This invention relates to hydraulic systems and, more specifically, to flow control in hydraulic systems.
Many hydraulic systems in use today utilize pumps that are pressure compensated and/or flow and pressure compensated. When the outputs of such pumps are directed to hydraulic motors such as double-acting hydraulic cylinders, some means must be provided to match the flow of fluid from the pump to the motor with the flow of fluid from the motor to the system reservoir. Such flow matching not only prevents cavitation in so-called negative load conditions, but also prevents the increasing of pump output pressure which would occur due to the operation of its pressure compensation circuit if the flows were not matched.

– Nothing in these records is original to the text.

Lemma Tanti_scale k x y : Tanti x y -> Tanti (k * x) (k * y).
Proof.
rewrite /Tanti /Tfst /Tsnd => -[e1 e2]; split.
  by rewrite -(mulr0 k) -{1}e1; ring.
by rewrite -(mulr0 k) -{1}e2; ring.
Qed.

Lemma inK_add x y x' y' : inK x y -> inK x' y' -> inK (x + x') (y + y').
Proof.
move=> [u [v h]] [u' [v' h']]; exists (u + u'), (v + v').
by have := Tanti_add h h'; congr Tanti; ring.
Qed.

Lemma inK_Tanti x y : Tanti x y -> inK x y.
Proof. by exists 0, 0; rewrite !mulr0 !subr0. Qed.

Lemma inK_double u v : inK (2 * u) (2 * v).
Proof. by exists u, v; rewrite !subrr; split; rewrite /Tfst /Tsnd; ring. Qed.

Lemma inK_T x y : inK x y -> inK (Tfst x y) (Tsnd x y).
Proof.
move=> [u [v h]]; exists (Tfst u v), (Tsnd u v).
have := Tanti_scale (-1) h; case: h => e1 e2; congr Tanti.
  transitivity (- (x - 2 * u) + ((x - 2 * u) + Tfst (x - 2 * u) (y - 2 * v))).
    by rewrite e1; ring.
  by rewrite /Tfst; ring.
transitivity (- (y - 2 * v) + ((y - 2 * v) + Tsnd (x - 2 * u) (y - 2 * v))).
  by rewrite e2; ring.
by rewrite /Tsnd; ring.
Qed.

(* Nakayama: K = Z_4^2 forces ker (1 + T) = Z_4^2, i.e. T = -1. *)
Lemma inK_basis : inK 1 0 -> inK 0 1 -> [/\ p = -1, q = 0, r = 0 & s = -1].
Proof.
have four0 : 2 * 2 = 0 :> 'Z_4 by apply/eqP.
move=> [u [v h10]] [u' [v' h01]].
have h20 : Tanti 2 0.
  by have := Tanti_scale 2 h10; congr Tanti; rewrite mulrBr mulrA four0; ring.
have h02 : Tanti 0 2.
  by have := Tanti_scale 2 h01; congr Tanti; rewrite mulrBr mulrA four0; ring.
have [e1 e2] : Tanti 1 0.
  have := Tanti_add h10 (Tanti_add (Tanti_scale u h20) (Tanti_scale v h02)).
  by congr Tanti; ring.
have [e3 e4] : Tanti 0 1.
  have := Tanti_add h01 (Tanti_add (Tanti_scale u' h20) (Tanti_scale v' h02)).
  by congr Tanti; ring.
move: e1 e2 e3 e4; rewrite /Tfst /Tsnd !mul1r !mul0r !addr0 !add0r => e1 e2 e3 e4.
by split=> //; apply/eqP; rewrite -addr_eq0 addrC ?e1 ?e4.
Qed.

End LinearMapMod4.

Lemma Z4_double_eq0 (x : 'Z_4) : (x + x = 0)%R -> exists u, x = (2 * u)%R.
Proof.
case: x => [[|[|[|[|//]]]] ?] // _; [exists 0%R | exists 1%R]; exact: val_inj.
Qed.

Lemma involution_mulxx (gT : finGroupType) (x : gT) : involution x -> x * x = 1.
Proof. by move/eqP=> ox; rewrite -[x * x]/(x ^+ 2) -ox expg_order. Qed.

Lemma gen_mulr_ind (gT : finGroupType) (S : {set gT}) (P : gT -> Prop) :
  P 1 -> (forall x s, P x -> s \in S -> P (x * s)) -> {in <<S>>, forall x, P x}.
Proof.
move=> P1 PM x /gen_prodgP[k [g Sg ->]]; elim: k g Sg => [|k IHk] g Sg.
  by rewrite big_ord0.
by rewrite big_ord_recr /=; apply: PM (IHk _ (fun i => Sg _)) (Sg _).
Qed.

Section IndexTwoInvolutionGenerated.
Variables (gT : finGroupType) (Gam H : {group gT}) (S : {set gT}).
Hypotheses (invS : {in S, forall x, involution x}) (defGam : Gam :=: <<S>>).
Hypotheses (sHGam : H \subset Gam) (iHGam : #|Gam : H| = 2).

Lemma gen_notin_index2 : exists2 t, t \in S & t \notin H.
Proof.
apply/subsetPn/negP; rewrite -gen_subG -defGam => sGamH.
have eqHGam : H :=: Gam by apply/eqP; rewrite eqEsubset sHGam.
by move: iHGam; rewrite eqHGam indexgg.
Qed.

Variables (t : gT) (P : gT -> Prop).
Hypotheses (St : t \in S) (tH : t \notin H).
Hypotheses (P1 : P 1) (PM : forall x y, P x -> P y -> P (x * y)).
Hypotheses (PJ : forall x, P x -> P (x ^ t)).
Hypotheses (P_invol : {in H, forall x, x * x = 1 -> P x}).
Hypotheses (P_anti : {in H, forall x, x * x ^ t = 1 -> P x}).

Lemma index2_involution_ind : {in H, forall x, P x}.
Proof.
have Gam_t : t \in Gam by rewrite defGam mem_gen.
have tt : t * t = 1 := involution_mulxx (invS St).
have conj_t h : h ^ t = t * h * t.
  have tV : t^-1 = t by apply/eqP; rewrite eq_invg_mul tt.
  by rewrite /conjg tV mulgA.
have H_t h : h \in H -> h ^ t \in H.
  by move=> Hh; rewrite memJ_norm // (subsetP (normal_norm (index2_normal sHGam iHGam))).
pose Q x := (x \in H /\ P x) \/ (exists2 h, x = h * t & h \in H /\ P h).
have QGam : {in Gam, forall x, Q x}.
  rewrite defGam; apply: gen_mulr_ind => [|x s Qx Ss]; first by left.
  have ss := involution_mulxx (invS Ss).
  have [Hs | notHs] := boolP (s \in H).
    have Ps := P_invol Hs ss.
    case: Qx => [[Hx Px] | [h -> [Hh Ph]]]; first by left; split; [rewrite groupM | apply: PM].
    right; exists (h * s ^ t); last by split; [rewrite groupM ?H_t | apply/PM/PJ].
    by rewrite conj_t !mulgA -(mulgA _ t t) tt mulg1.
  have : s \in H :* t.
    by rewrite (rcoset_index2 sHGam iHGam) // ?inE ?notHs ?tH // defGam mem_gen.
  case/rcosetP=> h0 Hh0 es; have Ph0 : P h0.
    by apply: P_anti => //; rewrite conj_t -ss es !mulgA.
  case: Qx => [[Hx Px] | [h -> [Hh Ph]]].
    by right; exists (x * h0); [rewrite es mulgA | split; [rewrite groupM | apply: PM]].
  left; rewrite (_ : _ * _ = h * h0 ^ t); last first.
    by rewrite conj_t es !mulgA.
  by split; [rewrite groupM ?H_t | apply/PM/PJ].
move=> x Hx; case: (QGam x (subsetP sHGam x Hx)) => [[] // | [h ex [Hh _]]].
by case/negP: tH; rewrite -(mulKg h t) -ex groupM ?groupV.
Qed.

End IndexTwoInvolutionGenerated.

Lemma Zp_nat_congr d N x y :
  1 < d -> d %| N -> x = y %[mod N] -> (x%:R = y%:R :> 'Z_d)%R.
Proof.
move=> d_gt1 dvd_dN exy.
by rewrite -(Zp_nat_mod d_gt1 x) -(modn_dvdm x dvd_dN) exy modn_dvdm // Zp_nat_mod.
Qed.

Lemma natr_Zp_mod d x (y : 'Z_d) : 1 < d -> (x%:R = y)%R -> x %% d = y.
Proof. by move=> d_gt1 <-; rewrite val_Zp_nat. Qed.

Lemma natr_subn3 d N : 1 < d -> d %| N -> 2 < N -> ((N - 3)%:R : 'Z_d)%R = (-3)%R.
Proof.
move=> d_gt1 dvd_dN N_gt2; rewrite natrB // -(Zp_nat_mod d_gt1 N) (eqP dvd_dN).
by rewrite sub0r.
Qed.

Section NormalForm.
Variables (gT : finGroupType) (a b : gT) (m n : nat).
Hypotheses (m_gt2 : 2 < m) (n_gt0 : 0 < n).
Hypotheses (am : a ^+ m = 1) (bn : b ^+ n = 1) (ba : [~ b, a] = a ^+ 4).

Local Notation c := (m - 3).
Local Notation H := (<[a]> <*> <[b]>).

Lemma conj_ab : a ^ b = a ^+ c.
Proof.
have a_b3 : (a ^ b)^-1 = a ^+ 3.
  by apply: (mulIg a); rewrite -expgSr -ba commgEr conjVg.
by apply/eqP; rewrite -[a ^ b]invgK a_b3 eq_invg_mul -expgnDr subnKC ?am.
Qed.

Lemma conjXX_ab i j : (a ^+ i) ^ (b ^+ j) = a ^+ (i * c ^ j).
Proof.
elim: j => [|j IHj]; first by rewrite conjg1 expn0 muln1.
by rewrite expgSr conjgM IHj conjXg conj_ab -expgnA expnS mulnCA.
Qed.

Flow matching, while attainable, is an expensive feature in a hydraulic system in that it requires the provision of controlled size orifices or matched springs in flow control valves when achieved according to many prior art teachings.
When achieved according to other prior art teachings, it has been accomplished solely by monitoring the exhaust flow from the hydraulic motor and, as a practical matter, this has resulted in rather unwieldy valve designs requiring many cores for the various passages and cross connections of certain of the cores. This, in turn, has required the use of bridging elements which may be subject to leakage, thereby decreasing system efficiency and/or the location of fluid ports in a large variety of planes within the valve body, all of which add considerable expense to the cost of the valve.